Bob Koehnen was a master of inventions. He hired Galen Jantzen to work in the Koehnen’s shop in 1974. Jantzen helped Bob build out his visions. In the early 90s, Jantzen built a production machine for the mini cages. C.F. Koehnen & Sons has been producing queen cages for 45 years and now ships 1.25 million mini cages annually throughout the U.S.

Bob’s inventions included:

  • Perfected an assembly-line system for making up queen-mating nuclei, synchronizing each step of an impressively large operation.

  • Devised an early machine to fill syrup into package feeding cans automatically.

  • Developed the California mini queen cage, which remains a standard.

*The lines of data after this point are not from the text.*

Definition basis01 (lam : R) (q u v : R -> R) : Prop :=
  sol01 lam q u /\ sol01 lam q v /\
  (forall c1 c2, (forall t, 0 <= t <= 1 -> c1 * u t + c2 * v t = 0) ->
     c1 = 0 /\ c2 = 0) /\
  (forall y, sol01 lam q y -> exists c1 c2,
     forall t, 0 <= t <= 1 -> y t = c1 * u t + c2 * v t).

Definition phase_function (lam : R) (q alpha : R -> R) : Prop :=
  exists a1, is_deriv alpha a1 /\
    basis01 lam q (fun t => cos (alpha t) / sqrt (Rabs (a1 t)))
                  (fun t => sin (alpha t) / sqrt (Rabs (a1 t))).

From Pilot Require Import Defs.
From Stdlib Require Import Reals Lra FunctionalExtensionality.
From Coquelicot Require Import Coquelicot.
(* Coquelicot also exports an [RInt_val]; re-importing makes the one of [Defs] win. *)
Import Defs.
Open Scope R_scope.

(* By the addition formula for [sin (2 lam |x - y|)], the integral [T sigma] is a
   combination of [sin (2 lam x)] and [cos (2 lam x)] whose coefficients are the
   moments [int_0^x cos (2 lam y) sigma y dy], [int_0^x sin (2 lam y) sigma y dy]
   up to constants (the limits of the tails of the improper integral). Hence
   [delta'' = sigma - 4 lam^2 delta], which together with [sigma = S[delta] + p]
   is (1). Composing with [x(t)], whose derivative is [sqrt q], turns (1) into
   (2), because [2 {t, x}] evaluated at [x(t)] is the explicit expression
   [p~(t)] in [q]. The logarithmic derivative of [alpha' = lam sqrt q e^(delta~/2)]
   is [g = q'/(2q) + delta~'/2], in terms of which Kummer's equation reads
   [alpha'^2 = lam^2 q + g^2/4 - g'/2]; by (2) this is (3). Finally, for any
   [alpha] with [alpha' > 0] solving Kummer's equation, [cos alpha / sqrt alpha']
   and [sin alpha / sqrt alpha'] solve [y'' + lam^2 q y = 0] with Wronskian 1,
   which makes them a basis of the solutions on [[0, 1]]: this is (4). *)

(* The Stdlib rules for [derivable_pt_lim] and [continuity_pt] are stated for
   [mult_fct], [comp], ...; these restatements on explicit lambda-terms are
   what lets [apply] decompose a concrete expression. *)
Lemma dl_eq f x l l' : derivable_pt_lim f x l -> l = l' -> derivable_pt_lim f x l'.
Proof. now intros H <-. Qed.
Lemma dl_ext f g x l : (forall t, f t = g t) -> derivable_pt_lim f x l -> derivable_pt_lim g x l.
Proof. intros E; replace g with f by (apply functional_extensionality; auto); auto. Qed.
Lemma dl_const c x : derivable_pt_lim (fun _ => c) x 0.
Proof. apply derivable_pt_lim_const. Qed.
Lemma dl_id x : derivable_pt_lim (fun t => t) x 1.
Proof. apply derivable_pt_lim_id. Qed.
Lemma dl_plus f g f' g' x : derivable_pt_lim f x f' -> derivable_pt_lim g x g' ->
  derivable_pt_lim (fun t => f t + g t) x (f' + g').
Proof. apply derivable_pt_lim_plus. Qed.
Lemma dl_minus f g f' g' x : derivable_pt_lim f x f' -> derivable_pt_lim g x g' ->
  derivable_pt_lim (fun t => f t - g t) x (f' - g').
Proof. apply derivable_pt_lim_minus. Qed.
Lemma dl_opp f f' x : derivable_pt_lim f x f' -> derivable_pt_lim (fun t => - f t) x (- f').
Proof. apply derivable_pt_lim_opp. Qed.
Lemma dl_mult f g f' g' x : derivable_pt_lim f x f' -> derivable_pt_lim g x g' ->
  derivable_pt_lim (fun t => f t * g t) x (f' * g x + f x * g').
Proof. apply derivable_pt_lim_mult. Qed.
Lemma dl_comp f g f' g' x : derivable_pt_lim f x f' -> derivable_pt_lim g (f x) g' ->
  derivable_pt_lim (fun t => g (f t)) x (g' * f').
Proof. apply derivable_pt_lim_comp. Qed.
Lemma dl_inv f f' x : derivable_pt_lim f x f' -> f x <> 0 ->
  derivable_pt_lim (fun t => / f t) x (- f' / f x ^ 2).
Proof. intros; apply is_derive_Reals, is_derive_inv; [apply is_derive_Reals|]; auto. Qed.
Lemma dl_exp f f' x : derivable_pt_lim f x f' ->
  derivable_pt_lim (fun t => exp (f t)) x (exp (f x) * f').
Proof. intros; apply (dl_comp f exp); auto; apply derivable_pt_lim_exp. Qed.
Lemma dl_sin f f' x : derivable_pt_lim f x f' ->
  derivable_pt_lim (fun t => sin (f t)) x (cos (f x) * f').
Proof. intros; apply (dl_comp f sin); auto; apply derivable_pt_lim_sin. Qed.
Lemma dl_cos f f' x : derivable_pt_lim f x f' ->
  derivable_pt_lim (fun t => cos (f t)) x (- sin (f x) * f').
Proof. intros; apply (dl_comp f cos); auto; apply derivable_pt_lim_cos. Qed.
Lemma dl_sqrt f f' x : derivable_pt_lim f x f' -> 0 < f x ->
  derivable_pt_lim (fun t => sqrt (f t)) x (/ (2 * sqrt (f x)) * f').
Proof. intros; apply (dl_comp f sqrt); auto; apply derivable_pt_lim_sqrt; auto. Qed.

Ltac dl_auto :=
  repeat first
    [ match goal with
      | H : forall _, derivable_pt_lim ?f _ _ |- derivable_pt_lim ?f _ _ => apply H
      | H : is_deriv ?f _ |- derivable_pt_lim ?f _ _ => apply H
      end
    | apply dl_const | apply dl_id | apply dl_minus | apply dl_plus | apply dl_mult
    | apply dl_opp | apply dl_sin | apply dl_cos | apply dl_exp | apply dl_sqrt | apply dl_inv ].

Lemma cont_of_dl f x l : derivable_pt_lim f x l -> continuity_pt f x.
Proof. intros H; apply derivable_continuous_pt; exists l; exact H. Qed.
Lemma cont_const c x : continuity_pt (fun _ => c) x.
Proof. apply continuity_pt_const; intros ? ?; auto. Qed.
Lemma cont_id x : continuity_pt (fun t => t) x.
Proof. apply continuity_pt_id. Qed.
Lemma cont_plus f g x : continuity_pt f x -> continuity_pt g x ->
  continuity_pt (fun t => f t + g t) x.
Proof. apply continuity_pt_plus. Qed.
Lemma cont_minus f g x : continuity_pt f x -> continuity_pt g x ->
  continuity_pt (fun t => f t - g t) x.
Proof. apply continuity_pt_minus. Qed.
Lemma cont_mult f g x : continuity_pt f x -> continuity_pt g x ->
  continuity_pt (fun t => f t * g t) x.
Proof. apply continuity_pt_mult. Qed.
Lemma cont_comp f g x : continuity_pt f x -> continuity_pt g (f x) ->
  continuity_pt (fun t => g (f t)) x.
Proof. apply continuity_pt_comp. Qed.
Lemma cont_inv f x : continuity_pt f x -> f x <> 0 -> continuity_pt (fun t => / f t) x.
Proof. apply continuity_pt_inv. Qed.
Lemma cont_sin f x : continuity_pt f x -> continuity_pt (fun t => sin (f t)) x.
Proof. intros; apply cont_comp; auto; apply continuity_sin. Qed.
Lemma cont_cos f x : continuity_pt f x -> continuity_pt (fun t => cos (f t)) x.
Proof. intros; apply cont_comp; auto; apply continuity_cos. Qed.
Lemma cont_exp f x : continuity_pt f x -> continuity_pt (fun t => exp (f t)) x.
Proof. intros; apply cont_comp; auto; apply (cont_of_dl _ _ _ (derivable_pt_lim_exp _)). Qed.
Lemma cont_abs f x : continuity_pt f x -> continuity_pt (fun t => Rabs (f t)) x.
Proof. intros; apply cont_comp; auto; apply Rcontinuity_abs. Qed.

Ltac cont_auto :=
  repeat first
    [ apply cont_const | apply cont_id | apply cont_minus | apply cont_plus | apply cont_mult
    | apply cont_sin | apply cont_cos | apply cont_exp | apply cont_abs | apply cont_inv
    | match goal with
      | H : continuity ?f |- continuity_pt ?f _ => apply H
      | H : forall _, derivable_pt_lim ?f _ _ |- continuity_pt ?f ?x =>
          apply (cont_of_dl _ _ _ (H x))
      | H : is_deriv ?f _ |- continuity_pt ?f ?x => apply (cont_of_dl _ _ _ (H x))
      end ].

(* Turns [x] into the square of the atom [s := sqrt x], which [field] cannot do itself. *)
Ltac sqrt_subst x Hx :=
  let Hp := fresh in let Hs := fresh in
  pose proof (sqrt_lt_R0 x Hx) as Hp; pose proof (sqrt_sqrt x (Rlt_le 0 x Hx)) as Hs;
  set (s := sqrt x) in *; try rewrite <- Hs; clear Hs.

Lemma RInt_val_RInt f a b w : RInt_val f a b w -> w = RInt f a b.
Proof. intros [pr <-]; symmetry; apply RInt_Reals. Qed.

Lemma ex_RInt_continuity f a b : continuity f -> ex_RInt f a b.
Proof.
  intros Hf; apply (ex_RInt_continuous (V := R_CompleteNormedModule)).
  intros z _; apply continuity_pt_filterlim, Hf.
Qed.

Lemma dl_RInt f x : continuity f -> derivable_pt_lim (fun t => RInt f 0 t) x (f x).
Proof.
  intros Hf; apply is_derive_Reals, (is_derive_RInt f _ 0 x).
  - apply filter_forall; intros b.
    apply (RInt_correct (V := R_CompleteNormedModule)), ex_RInt_continuity, Hf.
  - apply continuity_pt_filterlim, Hf.
Qed.

Lemma dl_scaled_primitive lam h alpha : continuity h ->
  (forall t, exists w, RInt_val h 0 t w /\ alpha t = lam * w) ->
  forall t, derivable_pt_lim alpha t (lam * h t).
Proof.
  intros Ch Halpha t; apply (dl_ext (fun t => lam * RInt h 0 t)).
  { intros s; destruct (Halpha s) as [w [Hw ->]]; rewrite (RInt_val_RInt _ _ _ _ Hw); reflexivity. }
  eapply dl_eq; [apply dl_mult; [apply dl_const | apply dl_RInt, Ch]|]; cbv beta; ring.
Qed.

Lemma RInt_lin f g k1 k2 a b : continuity f -> continuity g ->
  RInt (fun z => k1 * f z + k2 * g z) a b = k1 * RInt f a b + k2 * RInt g a b.
Proof.
  intros Hf Hg; apply (is_RInt_unique (V := R_CompleteNormedModule)).
  apply (is_RInt_plus (fun z => k1 * f z) (fun z => k2 * g z));
    apply (is_RInt_scal (V := R_CompleteNormedModule)),
      (RInt_correct (V := R_CompleteNormedModule)), ex_RInt_continuity; auto.
Qed.

(* Stated at type [R] rather than Coquelicot's module carrier, so that [ring] and
   [field] still recognise the rewritten integrals. *)
Lemma RInt_ext_R (f g : R -> R) a b :
  (forall x, Rmin a b < x < Rmax a b -> f x = g x) -> RInt f a b = RInt g a b.
Proof. apply RInt_ext. Qed.

Lemma RInt_Chasles_continuity f a b c : continuity f -> RInt f a b + RInt f b c = RInt f a c.
Proof. intros Hf; apply (RInt_Chasles f a b c); apply ex_RInt_continuity, Hf. Qed.

Lemma RInt_from_0 f a b : continuity f -> RInt f 0 b - RInt f 0 a = RInt f a b.
Proof. intros Hf; rewrite <- (RInt_Chasles_continuity f 0 a b Hf); ring. Qed.

Lemma dl_comp_unique h f k h1 f1 k1 t : (forall s, h (f s) = k s) ->
  derivable_pt_lim h (f t) h1 -> derivable_pt_lim f t f1 -> derivable_pt_lim k t k1 ->
  h1 * f1 = k1.
Proof.
  intros E Hh Hf Hk; apply (uniqueness_limite (fun s => h (f s)) t); [apply dl_comp; auto|].
  apply (dl_ext k); auto.
Qed.

(** * The integral operator [T] *)

Definition tail_lim (F : R -> R -> R) (v : R) : Prop :=
  forall eps, eps > 0 -> exists M, forall a b, a <= - M -> M <= b -> Rabs (F a b - v) < eps.

Lemma improper_integral_tail_lim f v :
  improper_integral f v -> tail_lim (fun a b => RInt f a b) v.
Proof.
  intros H eps He; destruct (H eps He) as [M HM]; exists M; intros a b Ha Hb.
  destruct (HM a b Ha Hb) as [w [Hw Hwv]]; rewrite <- (RInt_val_RInt _ _ _ _ Hw); exact Hwv.
Qed.

Lemma tail_lim_const c : tail_lim (fun _ _ => c) c.
Proof. intros eps He; exists 0; intros; rewrite Rminus_diag, Rabs_R0; exact He. Qed.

  • Developed the larger Wen-Koe queen cages. They were built with a machine, commissioned from an engineer, that adapted a technology from door construction to apply the screens.

  • An ingenious mechanism for cutting queen cells apart when they come out of the cell builder.

  • A towable bee-moving forklift with four forks, able to move four pallets of colonies at one time, then spread the pallets apart. His son Kalin said that they can move 1000 colonies a day with the double forklift.

  • Development of the bank-out unloading cart system for harvesting almonds and walnuts. It has a conveyer that unloads onto another vehicle without stopping, reducing time in the field.

Yvonne’s idea that was once just a dream became a reality when the HDC was officially formed.